Ce qui est nouveau, c’est qu’il ne se cache pas de ses intentions et n’hésite pas à employer un vocabulaire de charretier, sous prétexte que Georges Pompidou avait en son temps et en privé, exhorté ses troupes à « cesser d’emmerder les Français ». Il n’y a pas encore si longtemps, le style était plus allusif, comme en témoigne cette chanson de marins que vous connaissez peut-être : « Les marins sont en mer dès l’aurore, en mer dès le matin, en mer dans la journée. Ils ont la mer devant, ils ont la mer derrière, ils ont la mer de tous les côtés ». Le président s’en prend donc directement aux antivax en déclarant dans une interview au Parisien qu’il a très envie d’emmerder les non-vaccinés, et en leur déniant la qualité de citoyens, pas moins. Le raisonnement est d’ailleurs très simple. Puisqu’il y a 90 % de vaccinés et que le président ne peut compter que sur environ un quart de convaincus du bien-fondé de sa politique, il tente de les enrôler de force sous sa bannière, par la démagogie et l’amalgame le plus grossier.

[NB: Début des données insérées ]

(* Let $V$ be a real vector space with an inner product of signature $(p,q)$ where $p\ge q\ge2$. (1) If $p=q$, then there exists an algebraic curvature tensor $R$ on $V$ which has spacelike rank $4$ and timelike rank $4$, and which does not have constant mixed rank. (2) If $p>q$, then there exists an algebraic curvature tensor $R$ on $V$ which has spacelike rank $4$, and which does not have constant timelike rank and does not have mixed rank $4$.
   Context: An inner product of signature $(p,q)$ is a non-degenerate symmetric bilinear form $(\cdot,\cdot)$ whose maximal negative definite subspaces have dimension $p$ and maximal positive definite subspaces dimension $q$. A $2$-plane $\pi$ is spacelike (resp. timelike, mixed) if the induced form on $\pi$ has signature $(0,2)$ (resp. $(2,0)$, $(1,1)$). An algebraic curvature tensor is $R\in\otimes^4V^*$ with $R(x,y,z,w)=R(z,w,x,y)=-R(y,x,z,w)$ and $R(x,y,z,w)+R(y,z,x,w)+R(z,x,y,w)=0$; the operator $R(x,y)$ is defined by $R(x,y,z,w)=(R(x,y)z,w)$. For a non-degenerate $2$-plane $\pi$ with oriented basis $\{e_1,e_2\}$, $R(\pi):=|(e_1,e_1)(e_2,e_2)-(e_1,e_2)^2|^{-1/2}R(e_1,e_2)$. $R$ has spacelike rank $r$ if $\operatorname{rank}R(\pi)=r$ for every oriented spacelike $2$-plane $\pi$; timelike and mixed rank $r$ are defined analogously. Constant timelike (mixed) rank means timelike (mixed) rank $r$ for some $r$. *)

(* V = 'rV[R]_n over R : realType, inner product given by a
   symmetric matrix G : (x,y) = x *m G *m y^T. *)
From mathcomp Require Import all_boot all_order all_algebra.
From mathcomp Require Import reals.
Set Implicit Arguments. Unset Strict Implicit. Unset Printing Implicit Defensive.
Import Order.TTheory GRing.Theory Num.Theory.
Local Open Scope ring_scope.

Section Defs.
Variable R : realType.

Definition form m (G : 'M[R]_m) (x y : 'rV[R]_m) : R := (x *m G *m y^T) 0 0.

Definition negdef_sub m (G : 'M[R]_m) (U : 'M[R]_m) : Prop :=
  forall v : 'rV[R]_m, (v <= U)%MS -> v != 0 -> form G v v < 0.
Definition posdef_sub m (G : 'M[R]_m) (U : 'M[R]_m) : Prop :=
  forall v : 'rV[R]_m, (v <= U)%MS -> v != 0 -> 0 < form G v v.

Definition inner_product_sig m (G : 'M[R]_m) (p q : nat) : Prop :=
  [/\ G^T = G, G \in unitmx,
      (exists U, negdef_sub G U /\ \rank U = p) /\
        (forall U, negdef_sub G U -> (\rank U <= p)%N)
    & (exists U, posdef_sub G U /\ \rank U = q) /\
        (forall U, posdef_sub G U -> (\rank U <= q)%N)].

(* elements of (x)^4 V^*, given by their coefficients *)
Definition tensor4 (n : nat) := 'I_n -> 'I_n -> 'I_n -> 'I_n -> R.

Definition tev n (T : tensor4 n) (x y z w : 'rV[R]_n) : R :=
  \sum_(i < n) \sum_(j < n) \sum_(k < n) \sum_(l < n)
     T i j k l * x 0 i * y 0 j * z 0 k * w 0 l.

Definition is_act n (T : tensor4 n) : Prop :=
  forall x y z w : 'rV[R]_n,
    [/\ tev T x y z w = tev T z w x y,
        tev T x y z w = - tev T y x z w
      & tev T x y z w + tev T y z x w + tev T z x y w = 0].

(* matrix of the operator R(x,y) acting on row vectors: z *m curv_op = R(x,y)z,
   characterised by (R(x,y)z, w) = R(x,y,z,w) *)
Definition curv_op n (G : 'M[R]_n) (T : tensor4 n) (x y : 'rV[R]_n) : 'M[R]_n :=
  (\matrix_(k < n, l < n) tev T x y (delta_mx 0 k) (delta_mx 0 l)) *m invmx G.

Definition plane_op n (G : 'M[R]_n) (T : tensor4 n) (e1 e2 : 'rV[R]_n) : 'M[R]_n :=
  (Num.sqrt `|form G e1 e1 * form G e2 e2 - form G e1 e2 ^+ 2|)^-1
    *: curv_op G T e1 e2.

Definition gram2 n (G : 'M[R]_n) (e1 e2 : 'rV[R]_n) : 'M[R]_2 :=
  \matrix_(i < 2, j < 2)
     form G (if i == 0 :> nat then e1 else e2) (if j == 0 :> nat then e1 else e2).

Definition plane_sig n (G : 'M[R]_n) (a b : nat) (e1 e2 : 'rV[R]_n) : Prop :=
  \rank (col_mx e1 e2) = 2%N /\ inner_product_sig (gram2 G e1 e2) a b.

Definition spacelike n (G : 'M[R]_n) := plane_sig G 0 2.
Definition timelike n (G : 'M[R]_n) := plane_sig G 2 0.
Definition mixed n (G : 'M[R]_n) := plane_sig G 1 1.

Definition has_rank_on n (kind : 'rV[R]_n -> 'rV[R]_n -> Prop)
  (G : 'M[R]_n) (T : tensor4 n) (r : nat) : Prop :=
  forall e1 e2, kind e1 e2 -> \rank (plane_op G T e1 e2) = r.

Definition spacelike_rank n (G : 'M[R]_n) T r := has_rank_on (spacelike G) G T r.
Definition timelike_rank n (G : 'M[R]_n) T r := has_rank_on (timelike G) G T r.
Definition mixed_rank n (G : 'M[R]_n) T r := has_rank_on (mixed G) G T r.
Definition const_timelike_rank n (G : 'M[R]_n) T := exists r, timelike_rank G T r.
Definition const_mixed_rank n (G : 'M[R]_n) T := exists r, mixed_rank G T r.

End Defs.

(* Choose a pseudo-orthonormal basis f_0, ..., f_(p-1) (timelike) and g_0, ...,
   g_(q-1) (spacelike), and let psi be the self-adjoint map with psi g_k = f_k
   and psi f_k = - g_k for k < q, and psi f_i = 0 for i >= q.  The example is
   R = R_id + R_psi, where R_A(x,y,z,w) = (Ay,z)(Ax,w) - (Ax,z)(Ay,w) is an
   algebraic curvature tensor for every self-adjoint A.

   The image of R(x,y) is spanned by x, y, psi x, psi y, so R(pi) has rank 4
   exactly when u + psi w = 0 with u, w in pi forces u = w = 0.  For such u, w
   one computes (u,u) + (w,w) = - sum_(i >= q) (w,f_i)^2 <= 0.  This rules out
   nontrivial solutions on spacelike planes, and on timelike planes orthogonal
   to f_q, ..., f_(p-1), i.e. on all timelike planes when p = q.  On the other
   hand u = g_0, w = f_0 is a solution on the mixed plane span(f_0, g_0), and
   u = 0, w = f_q on every plane through f_q, while span(f_0, g_1) and
   span(f_0, f_1) have rank 4. *)
From Pilot Require Import Defs.
From mathcomp Require Import all_boot all_order all_algebra.
From mathcomp Require Import reals.
From mathcomp Require Import ring lra.
From Stdlib Require Import Classical.
Set Implicit Arguments. Unset Strict Implicit. Unset Printing Implicit Defensive.
Import Order.TTheory GRing.Theory Num.Theory.
Local Open Scope ring_scope.

Section BilinearForm.
Variables (R : realType) (n : nat) (G : 'M[R]_n).
Local Notation fm := (Defs.form G).

Lemma formDl x y z : fm (x + y) z = fm x z + fm y z.
Proof. by rewrite /Defs.form !mulmxDl mxE. Qed.

Lemma formZl a x z : fm (a *: x) z = a * fm x z.
Proof. by rewrite /Defs.form -!scalemxAl mxE. Qed.

Lemma formDr x y z : fm z (x + y) = fm z x + fm z y.
Proof. by rewrite /Defs.form linearD /= mulmxDr mxE. Qed.

Lemma formZr a x z : fm z (a *: x) = a * fm z x.
Proof. by rewrite /Defs.form linearZ /= -scalemxAr mxE. Qed.

Lemma form0l z : fm 0 z = 0.
Proof. by rewrite -(scale0r 0) formZl mul0r. Qed.

Lemma formNl x z : fm (- x) z = - fm x z.
Proof. by rewrite -scaleN1r formZl mulN1r. Qed.

Lemma formBl x y z : fm (x - y) z = fm x z - fm y z.
Proof. by rewrite formDl formNl. Qed.

Lemma formBr x y z : fm z (x - y) = fm z x - fm z y.
Proof. by rewrite formDr -scaleN1r formZr mulN1r. Qed.

Lemma form_suml I (s : seq I) (P : pred I) F z :
  fm (\sum_(i <- s | P i) F i) z = \sum_(i <- s | P i) fm (F i) z.
Proof. by apply: (big_morph (fm^~ z)); [move=> x y; exact: formDl | exact: form0l]. Qed.

Lemma form_delta v j : fm v (delta_mx 0 j) = (v *m G) 0 j.
Proof. by rewrite /Defs.form trmx_delta -colE mxE. Qed.

Lemma formE x y : fm x y = \sum_i \sum_j x 0 i * G i j * y 0 j.
Proof.
rewrite /Defs.form mxE exchange_big; apply: eq_bigr => j _.
by rewrite !mxE mulr_suml; apply: eq_bigr => i _.
Qed.

Lemma sub_kermx_form x v : (x <= kermx (G *m v^T))%MS = (fm x v == 0).
Proof.
rewrite sub_kermx mulmxA; apply/eqP/eqP => xv0; first by rewrite /Defs.form xv0 mxE.
by apply/matrixP => i j; rewrite !ord1 [RHS]mxE.
Qed.

Lemma form_opp x y : Defs.form (- G) x y = - fm x y.
Proof. by rewrite /Defs.form mulmxN mulNmx mxE. Qed.

Lemma form_outer (a b x z : 'rV[R]_n) :
  Defs.form (G *m a^T *m b *m G) x z = fm x a * fm b z.
Proof.
rewrite /Defs.form !mulmxA.
have -> : x *m G *m a^T *m b *m G *m z^T = (x *m G *m a^T) *m (b *m G *m z^T).
  by rewrite !mulmxA.
by rewrite mxE big_ord1.
Qed.

Definition rows_of (h : seq 'rV[R]_n) : 'M[R]_(size h, n) := \matrix_(i < size h) h`_i.

Lemma rows_of_mul h (D : 'rV[R]_(size h)) : D *m rows_of h = \sum_i D 0 i *: h`_i.
Proof. by rewrite mulmx_sum_row; apply: eq_bigr => i _; rewrite rowK. Qed.

Lemma form_rows_of v h i : (v *m (G *m (rows_of h)^T)) 0 i = fm v h`_i.
Proof. by rewrite mulmxA /Defs.form !mxE; apply: eq_bigr => j _; rewrite !mxE. Qed.

Lemma negdef_oppE U : negdef_sub (- G) U <-> posdef_sub G U.
Proof.
by split=> defU v vU vn0; move: (defU v vU vn0); rewrite form_opp ?oppr_lt0 ?oppr_gt0.
Qed.

End BilinearForm.

(** * Pseudo-orthonormal bases and Sylvester's law of inertia *)

Section SymmetricForm.
Variables (R : realType) (n : nat) (G : 'M[R]_n).
Hypothesis Gsym : G^T = G.
Local Notation fm := (Defs.form G).

Lemma formC x y : fm x y = fm y x.
Proof.
rewrite /Defs.form -[in LHS](trmxK (x *m G *m y^T)) mxE.
by rewrite !trmx_mul trmxK Gsym mulmxA.
Qed.

Lemma form_polarization (W : 'M[R]_n) :
  (forall u, (u <= W)%MS -> fm u u = 0) ->
  forall x w, (x <= W)%MS -> (w <= W)%MS -> fm x w = 0.
Proof.
move=> iso x w xW wW; have := iso (x + w) (addmx_sub xW wW).
rewrite formDl !formDr iso // iso // (formC w x) add0r addr0 => /eqP.
by rewrite -mulr2n mulrn_eq0 => /eqP.
Qed.

Definition proj_perp (v x : 'rV[R]_n) := x - (fm x v * fm v v) *: v.

Section Projection.
Variable v : 'rV[R]_n.
Hypothesis v_unit : fm v v ^+ 2 = 1.

Lemma form_proj_perp x : fm (proj_perp v x) v = 0.
Proof. by rewrite formBl formZl -mulrA -expr2 v_unit mulr1 subrr. Qed.

Lemma form_proj_perp_split x w :
  fm x w = fm v v * (fm x v * fm v w) + fm (proj_perp v x) (proj_perp v w).
Proof.
rewrite !(formBl, formBr, formZl, formZr) (formC w v).
have -> : fm v w * fm v v * fm v v = fm v w by rewrite -mulrA -expr2 v_unit mulr1.
ring.
Qed.

End Projection.

Definition orthonormal_basis_of (W : 'M[R]_n) (s : seq 'rV[R]_n) : Prop :=
  [/\ uniq s, {in s, forall t, (t <= W)%MS /\ fm t t ^+ 2 = 1},
      {in s &, forall x y, x != y -> fm x y = 0}
    & forall x w, (x <= W)%MS -> (w <= W)%MS ->
        fm x w = \sum_(t <- s) fm t t * (fm x t * fm t w)].

Lemma orthonormal_basis_of_isotropic (W : 'M[R]_n) :
  (forall u, (u <= W)%MS -> fm u u = 0) -> orthonormal_basis_of W [::].
Proof. by move=> iso; split=> // x w xW wW; rewrite big_nil (form_polarization iso). Qed.

Lemma orthonormal_basis_of_cons (W : 'M[R]_n) v s : fm v v ^+ 2 = 1 -> (v <= W)%MS ->
  orthonormal_basis_of (W :&: kermx (G *m v^T))%MS s -> orthonormal_basis_of W (v :: s).
Proof.
move=> vv vW [us sW' orth expand].
have inW' x : (x <= W :&: kermx (G *m v^T))%MS = (x <= W)%MS && (fm x v == 0).
  by rewrite sub_capmx sub_kermx_form.
have sv t : t \in s -> fm t v = 0 by case/sW' => + _; rewrite inW' => /andP[_ /eqP].
have vv0 : fm v v != 0 by apply: contra_eq_neq vv => ->; rewrite expr0n eq_sym oner_eq0.
split.
- by rewrite /= us andbT; apply: contraNN vv0 => /sv ->.
- move=> t; rewrite inE => /predU1P[-> // | /sW'[tW' tt]].
  by split=> //; apply: submx_trans tW' (capmxSl _ _).
- move=> x y; rewrite !inE => /predU1P[-> | xs] /predU1P[-> | ys]; rewrite ?eqxx //.
  + by move=> _; rewrite formC sv.
  + by move=> _; rewrite sv.
  + exact: orth.
- move=> x w xW wW; rewrite big_cons (form_proj_perp_split vv x w).
  have proj_sub u : (u <= W)%MS -> (proj_perp v u <= W :&: kermx (G *m v^T))%MS.
    move=> uW; rewrite inW' form_proj_perp // eqxx andbT.
    by rewrite addmx_sub // eqmx_opp scalemx_sub.
  rewrite (expand (proj_perp v x)) ?proj_sub //; congr (_ + _).
  apply: eq_big_seq => t ts.
  by rewrite /proj_perp formBl formBr !formZl !formZr (formC v t) (sv t ts) !mulr0 !subr0.
Qed.

Lemma form_normalize v : fm v v != 0 ->
  fm ((Num.sqrt `|fm v v|)^-1 *: v) ((Num.sqrt `|fm v v|)^-1 *: v) ^+ 2 = 1.
Proof.
move=> vv0; rewrite formZl formZr mulrA -expr2 exprVn sqr_sqrtr // mulrC exprMn exprVn.
by rewrite real_normK ?num_real // mulfV // expf_neq0.
Qed.

Lemma rank_perp_lt (W : 'M[R]_n) v : (v <= W)%MS -> fm v v != 0 ->
  (\rank (W :&: kermx (G *m v^T)) < \rank W)%N.
Proof.
move=> vW vv0; apply: rank_ltmx; rewrite ltmxE capmxSl /=.
by apply: contraNN vv0 => /(submx_trans vW); rewrite sub_capmx sub_kermx_form => /andP[].
Qed.

Lemma orthonormal_basis_of_exists (W : 'M[R]_n) : exists s, orthonormal_basis_of W s.
Proof.
move: {2}(\rank W) (leqnn (\rank W)) => k; elim: k W => [|k IH] W rkW.
  exists [::]; apply: orthonormal_basis_of_isotropic => u.
  by move: rkW; rewrite leqn0 mxrank_eq0 => /eqP ->; rewrite submx0 => /eqP ->; rewrite form0l.
have [[v [vW vv0]] | iso] := classic (exists v, (v <= W)%MS /\ fm v v != 0); last first.
  exists [::]; apply: orthonormal_basis_of_isotropic => u uW.
  by apply/eqP/negPn/negP => uu; apply: iso; exists u.
set c := (Num.sqrt `|fm v v|)^-1.
have [|s basis] := IH (W :&: kermx (G *m (c *: v)^T))%MS.
  rewrite -ltnS; apply: leq_trans (rank_perp_lt _ _) rkW; first exact: scalemx_sub.
  by rewrite -sqrf_eq0 form_normalize // oner_eq0.
by exists (c *: v :: s); apply: orthonormal_basis_of_cons; rewrite ?form_normalize ?scalemx_sub.
Qed.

En entendant cela, j’avoue que, comme Luc Ferry, qui pourrait se reconvertir dans l’humour involontaire après une carrière philosophique avortée prématurément au profit de la politique, « les bras m’en sont tombés des mains ». Je cherche encore le nom de la figure de style qui consiste à inverser l’ordre des facteurs pour créer un effet de surprise, car ce sont plutôt les mains qui pourraient tomber des bras, mais l’image est forte de la part de l’ancien ministre que Blanquer ferait presque regretter. Je reviens un instant sur la notion d’envie qui semble résumer la philosophie d’Emmanuel Macron en ce moment. Il a envie d’emmerder les non-vaccinés, donc il le fait. Il a envie d’être candidat à sa succession, il le fera, car tel est son bon plaisir, même si certains soulignent le côté adolescent prépubère de la démarche. Je m’attends à ce qu’il reprenne prochainement à son compte les paroles de la chanson écrite par Goldman pour Johnny Halliday : « Qu’on me donne l’envie, l’envie d’avoir envie, et qu’on allume ma vie ». À moins qu’il n’infléchisse enfin son itinéraire d’enfant gâté.

Commentaires  

#1 jacotte86 05-01-2022 11:34
on se relache... chassez le naturel il revient au galop, la façade se lézarde !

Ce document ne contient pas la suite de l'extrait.